Doctors recommend vaccinating younger children, even with the conventional vaccine, given its effectiveness in protecting against hospitalization.
Vaccines are important, Chin-Hong said, because “you really can’t always predict who’s going to go to the hospital [from COVID-19] in the group of children under 12 years old, and you don’t know which variant comes. So I think it’s up to all of us to think seriously” about vaccinating children.
“We’ve gotten more and more data that it’s effective for the most severe outcomes,” he said.
Chin-Hong cited a recent study of the Pfizer-BioNTech vaccine for children ages 5 to 11 during Omicron’s first surge in Singaporewhich found that completing the primary vaccination was 83% effective against hospitalization.

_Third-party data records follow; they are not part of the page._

(* Let $t\ge3$ and let $p_1,\dots,p_t$ be distinct primes, $n=p_1p_2\cdots p_t$. Then $i(X_n)\le 4p_1p_2\cdots p_{t-3}$ (the empty product being $1$ when $t=3$).
   Context: $X_n$ is the graph on $\{0,\dots,n-1\}$ with $a,b$ adjacent iff $\gcd(a-b,n)=1$. $i(G)$ is the minimum size of a maximal (under inclusion) independent set of $G$. *)

From mathcomp Require Import all_boot.
Set Implicit Arguments. Unset Strict Implicit. Unset Printing Implicit Defensive.

(* The graph X_n on {0,...,n-1}: a, b adjacent iff gcd(a - b, n) = 1,
   where |a - b| is used (gcd is sign-insensitive; gcd(0,n) = n). *)
Definition absdiff (a b : nat) : nat := if a <= b then b - a else a - b.

Definition Xadj (n : nat) (a b : 'I_n) : bool := coprime (absdiff a b) n.

Definition Xindep (n : nat) (S : {set 'I_n}) : bool :=
  [forall x in S, forall y in S, ~~ Xadj x y].

Definition Xmaxindep (n : nat) (S : {set 'I_n}) : bool :=
  maxset (@Xindep n) S.

(* i(X_n): minimum size of a maximal independent set (n is an upper bound,
   attained only vacuously; maximal independent sets always exist). *)
Definition iX (n : nat) : nat :=
  \big[minn/n]_(S : {set 'I_n} | Xmaxindep S) #|S|.

From mathcomp Require Import all_boot zify.
Set Implicit Arguments. Unset Strict Implicit. Unset Printing Implicit Defensive.

(* Pick three of the primes, q, r and s, and let S be the set of vertices x
   whose residues (x mod q, x mod r, x mod s) form a word of the even-weight
   code {000, 011, 101, 110}.  Two codewords always agree in some coordinate,
   so S is independent.  A non-codeword is disagreed with in every coordinate
   by some codeword, so by the Chinese remainder theorem every y outside S has
   a neighbour in S (congruent to y + 1 modulo every other prime).  Finally S
   has 4 n / (q r s) elements. *)

Lemma geq_bigmin_cond (I : finType) (P : pred I) (F : I -> nat) n0 i0 :
  P i0 -> \big[minn/n0]_(i | P i) F i <= F i0.
Proof.
rewrite unlock; elim: (index_enum I) (mem_index_enum i0) => //= i s IH.
rewrite inE => /orP[/eqP<- -> | i0s Pi0]; first exact: geq_minl.
by case: (P i); [apply: leq_trans (geq_minr _ _) _|]; apply: IH.
Qed.

Lemma coprime_absdiff_prime a b p :
  prime p -> coprime (absdiff a b) p = (a %% p != b %% p).
Proof.
move=> pr_p; rewrite coprime_sym prime_coprime // /absdiff.
by case: leqP => [le_ab | /ltnW le_ba]; rewrite -eqn_mod_dvd // eq_sym.
Qed.

Lemma coprime_prime_divisors a n : 0 < n ->
  (forall p, prime p -> p %| n -> ~~ (p %| a)) -> coprime a n.
Proof.
move=> n_gt0 noP; rewrite /coprime eqn_leq gcdn_gt0 n_gt0 orbT andbT leqNgt.
apply/negP => /pdiv_prime pr_d.
have := noP _ pr_d (dvdn_trans (pdiv_dvd _) (dvdn_gcdr a n)).
by rewrite (dvdn_trans (pdiv_dvd _) (dvdn_gcdl a n)).
Qed.

Lemma XadjP n (x y : 'I_n) :
  reflect (forall p, prime p -> p %| n -> x %% p != y %% p) (Xadj x y).
Proof.
apply: (iffP idP) => [adj p pr_p p_n | sep].
  by rewrite -coprime_absdiff_prime // (coprime_dvdr p_n).
apply: coprime_prime_divisors => [|p pr_p p_n]; first exact: leq_ltn_trans (ltn_ord x).
by rewrite -prime_coprime // coprime_sym coprime_absdiff_prime // sep.
Qed.

Lemma XindepP n (S : {set 'I_n}) :
  reflect {in S &, forall x y, ~~ Xadj x y} (Xindep S).
Proof.
apply: (iffP forall_inP) => [ind x y xS yS | ind x xS].
  by have /forall_inP := ind x xS; apply.
by apply/forall_inP => y yS; apply: ind.
Qed.

Lemma Xmaxindep_dominating n (S : {set 'I_n}) : Xindep S ->
  (forall y, y \notin S -> exists2 x, x \in S & Xadj x y) -> Xmaxindep S.
Proof.
move=> indS domS; apply/maxsetP; split=> // B /XindepP indB sSB.
apply/eqP; rewrite eqEsubset sSB andbT; apply/subsetP => y yB.
apply/negPn/negP => /domS[x xS adj_xy].
by have := indB x y (subsetP sSB x xS) yB; rewrite adj_xy.
Qed.

Lemma iX_le_card n (S : {set 'I_n}) : Xmaxindep S -> iX n <= #|S|.
Proof. exact: geq_bigmin_cond. Qed.

Lemma chinese_seq (I : eqType) (d r : I -> nat) (s : seq I) : uniq s ->
  {in s &, forall i j, i != j -> coprime (d i) (d j)} ->
  exists x, forall i, i \in s -> x = r i %[mod d i].
Proof.
elim: s => [|i s IH] /=; first by exists 0.
move=> /andP[i_s uniq_s] cop.
have [x Ex] := IH uniq_s (sub_in2 (fun j js => mem_behead js) cop).
have cop_i : coprime (\prod_(j <- s) d j) (d i).
  rewrite big_seq; elim/big_ind: _ => [|M N|j js]; first exact: coprime1n.
    by rewrite coprimeMl => -> ->.
  by rewrite cop ?inE ?js ?orbT ?eqxx //; apply: contraNneq i_s => <-.
exists (chinese (\prod_(j <- s) d j) (d i) x (r i)) => j.
rewrite inE => /predU1P[-> | js]; first exact: chinese_modr.
have dj : d j %| \prod_(k <- s) d k by rewrite (big_rem j js) dvdn_mulr.
by rewrite -(Ex j js) -(modn_dvdm _ dj) chinese_modl // modn_dvdm.
Qed.

Definition even_weight3 (a b c : nat) : bool :=
  [&& a < 2, b < 2, c < 2 & ~~ odd (a + b + c)].

Lemma even_weight3_agree a b c a' b' c' :
  even_weight3 a b c -> even_weight3 a' b' c' -> [|| a == a', b == b' | c == c'].
Proof.
by case: a => [|[|]] //; case: b => [|[|]] //; case: c => [|[|]] //;
   case: a' => [|[|]] //; case: b' => [|[|]] //; case: c' => [|[|]].
Qed.

Lemma even_weight3_opposite a b c : ~~ even_weight3 a b c ->
  exists a' b' c', [/\ even_weight3 a' b' c', a' != a, b' != b & c' != c].
Proof.
move: a b c => [|[|a]] [|[|b]] [|[|c]] //= _;
  first [by exists 0, 0, 0 | by exists 0, 1, 1 | by exists 1, 0, 1 | by exists 1, 1, 0].
Qed.

Lemma even_weight3_last a b c : even_weight3 a b c -> c = odd (a + b).
Proof. by case/and4P=> _ _; case: c => [|[|]] //; rewrite ?addn0 ?addn1 /=; case: odd. Qed.

Lemma modn_succ_neq x p : 1 < p -> x.+1 %% p != x %% p.
Proof.
move=> p_gt1; rewrite eqn_mod_dvd // subSnn dvdn1.
by apply: contraTneq p_gt1 => ->.
Qed.

Lemma bits_encode_lt d a b N : a < 2 -> b < 2 -> d < N -> d * 4 + a * 2 + b < 4 * N.
Proof. lia. Qed.

Lemma bits_encode_inj d a b d' a' b' : a < 2 -> b < 2 -> a' < 2 -> b' < 2 ->
  d * 4 + a * 2 + b = d' * 4 + a' * 2 + b' -> [/\ d = d', a = a' & b = b'].
Proof. by move=> *; split; lia. Qed.

Section ThreePrimeFactors.

Variables n q r s : nat.
Hypotheses (pr_q : prime q) (pr_r : prime r) (pr_s : prime s).
Hypotheses (neq_qr : q != r) (neq_qs : q != s) (neq_rs : r != s).
Hypothesis qrs_dvd_n : q * r * s %| n.

Let q_dvd_n : q %| n. Proof. exact: dvdn_trans (dvdn_mulr _ (dvdn_mulr _ (dvdnn q))) qrs_dvd_n. Qed.
Let r_dvd_n : r %| n. Proof. exact: dvdn_trans (dvdn_mulr _ (dvdn_mull _ (dvdnn r))) qrs_dvd_n. Qed.
Let s_dvd_n : s %| n. Proof. exact: dvdn_trans (dvdn_mull _ (dvdnn s)) qrs_dvd_n. Qed.

Definition code_set : {set 'I_n} :=
  [set x : 'I_n | even_weight3 (x %% q) (x %% r) (x %% s)].

Lemma code_set_indep : Xindep code_set.
Proof.
apply/XindepP => x y; rewrite !inE => Sx Sy; apply/XadjP => sep.
have /or3P[] := even_weight3_agree Sx Sy; apply/negP; exact: sep.
Qed.

Lemma code_set_dominating y :
  y \notin code_set -> exists2 x, x \in code_set & Xadj x y.
Proof.
rewrite inE => /even_weight3_opposite[a [b [c [code na nb nc]]]].
have [a2 b2 c2 _] := and4P code.
pose res p := if p == q then a else if p == r then b else if p == s then c else y.+1.
have cop_primes : {in primes n &, forall p p', p != p' -> coprime p p'}.
  move=> p p'; rewrite !mem_primes => /and3P[pr_p _ _] /and3P[pr_p' _ _] neq.
  by rewrite prime_coprime // dvdn_prime2.
have [z Ez] := chinese_seq res (primes_uniq n) cop_primes.
have n_gt0 : 0 < n := leq_ltn_trans (leq0n _) (ltn_ord y).
pose x : 'I_n := Ordinal (ltn_pmod z n_gt0).
have xmod p : prime p -> p %| n -> x %% p = res p %% p.
  by move=> pr_p p_n; rewrite modn_dvdm // Ez // mem_primes pr_p n_gt0.
have [xq xr xs] : [/\ x %% q = a, x %% r = b & x %% s = c].
  rewrite !xmod // /res eqxx eq_sym (negbTE neq_qr) eqxx.
  rewrite eq_sym (negbTE neq_qs) eq_sym (negbTE neq_rs) eqxx !modn_small //.
  - exact: leq_trans c2 (prime_gt1 pr_s).
  - exact: leq_trans b2 (prime_gt1 pr_r).
  - exact: leq_trans a2 (prime_gt1 pr_q).
exists x; first by rewrite inE xq xr xs.
apply/XadjP => p pr_p p_n.
case: (eqVneq p q) => [-> | p_q]; first by rewrite xq.
case: (eqVneq p r) => [-> | p_r]; first by rewrite xr.
case: (eqVneq p s) => [-> | p_s]; first by rewrite xs.
by rewrite xmod // /res (negbTE p_q) (negbTE p_r) (negbTE p_s) modn_succ_neq ?prime_gt1.
Qed.

Lemma code_set_maxindep : Xmaxindep code_set.
Proof. exact: Xmaxindep_dominating code_set_indep code_set_dominating. Qed.

Local Notation Q := (q * r * s).

Lemma code_set_residue_inj : {in code_set &, forall x y : 'I_n,
  x %/ Q = y %/ Q -> x %% q = y %% q -> x %% r = y %% r -> x = y}.
Proof.
move=> x y; rewrite !inE => Sx Sy Ediv Eq Er.
have Es : x %% s = y %% s.
  by rewrite (even_weight3_last Sx) (even_weight3_last Sy) Eq Er.
have cop_qr : coprime q r by rewrite prime_coprime // dvdn_prime2.
have cop_qrs : coprime (q * r) s.
  by rewrite coprimeMl !prime_coprime // !dvdn_prime2 // neq_qs neq_rs.
have EQ : x %% Q = y %% Q.
  by apply/eqP; rewrite chinese_remainder // chinese_remainder // Eq Er Es !eqxx.
by apply: val_inj; rewrite /= (divn_eq x Q) (divn_eq y Q) Ediv EQ.
Qed.

Lemma card_code_set : #|code_set| <= 4 * (n %/ Q).
Proof.
have Q_gt0 : 0 < Q by rewrite !muln_gt0 !prime_gt0.
pose enc (x : 'I_n) := x %/ Q * 4 + x %% q * 2 + x %% r.
have enc_lt x : x \in code_set -> enc x < 4 * (n %/ Q).
  rewrite inE => /and4P[xq xr _ _].
  by apply: bits_encode_lt; rewrite // ltn_divLR // divnK.
rewrite cardE -(size_map enc) -(size_iota 0 (4 * (n %/ Q))).
apply: uniq_leq_size => [|_ /mapP[x xS ->]]; last first.
  by rewrite mem_iota enc_lt // -mem_enum.
rewrite map_inj_in_uniq ?enum_uniq // => x y; rewrite !mem_enum => Sx Sy.
move: (Sx) (Sy); rewrite !inE /enc => /and4P[xq xr _ _] /and4P[yq yr _ _] E.
by have [] := bits_encode_inj xq xr yq yr E; apply: code_set_residue_inj.
Qed.

Lemma iX_le_three_prime_factors : iX n <= 4 * (n %/ Q).
Proof. exact: leq_trans (iX_le_card code_set_maxindep) card_code_set. Qed.

End ThreePrimeFactors.

Lemma prod_split_last3 k (F : 'I_k.+3 -> nat) : \prod_(i < k.+3) F i =
  (\prod_(i < k.+3 | i < k) F i) * (F (inord k) * F (inord k.+1) * F (inord k.+2)).
Proof.
rewrite (bigID (fun i : 'I_k.+3 => i < k)) /=; congr (_ * _).
rewrite big_mkcond !big_ord_recr /= big1 => [|i _]; last by rewrite /= ltn_ord.
rewrite ltnn ltnNge leqnSn ltnNge ltnW //= mul1n.
by congr (_ * _ * _); congr F; apply: val_inj; rewrite /= inordK //; lia.
Qed.

Theorem theorem4p10 (t : nat) (p : 'I_t -> nat) (n : nat) :
  3 <= t ->
  (forall i, prime (p i)) ->
  injective p ->
  n = \prod_(i < t) p i ->
  iX n <= 4 * \prod_(i < t | i < t - 3) p i.
Proof.
case: t p => [|[|[|k]]] // p _ pr_p inj_p ->.
have -> : k.+3 - 3 = k by rewrite !subSS subn0.
have neq_p (i j : nat) : i != j -> i < k.+3 -> j < k.+3 ->
    p (inord i) != p (inord j).
  by move=> ij ? ?; rewrite (inj_eq inj_p) -val_eqE /= !inordK.
rewrite prod_split_last3; set m := \prod_(i < k.+3 | i < k) p i.
have Q_gt0 : 0 < p (inord k) * p (inord k.+1) * p (inord k.+2).
  by rewrite !muln_gt0 !prime_gt0.
rewrite -{2}(mulnK m Q_gt0).
by apply: iX_le_three_prime_factors; first [exact: pr_p | exact: dvdn_mull | apply: neq_p; lia].
Qed.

“We haven’t seen any serious side effects in children ages 5 to 11” as a result of vaccination, said Dr. Rea Boyd. wrote on a website of the American Academy of Pediatrics. “It’s safe and it works.”
Vaccines can also reduce the chances of long-term side effects after experiencing COVID-19, including long covid. Furthermore, a diagnosis of COVID-19 is associated with a higher subsequent probability of developing diabetes for both adults and children.
American children ages 5 to 11 became eligible for COVID-19 shots last November and for a booster in May.
Children under 5 years of age became eligible for COVID-19 vaccines in June. Pfizer said Tuesday that its vaccine was 73% effective in preventing COVID-19 among children ages 6 months to 4 years. Before the vaccines were available, pediatricians said the Omicron variant pushed hospitalization rates for children 4 and younger to the highest level in the entire pandemic.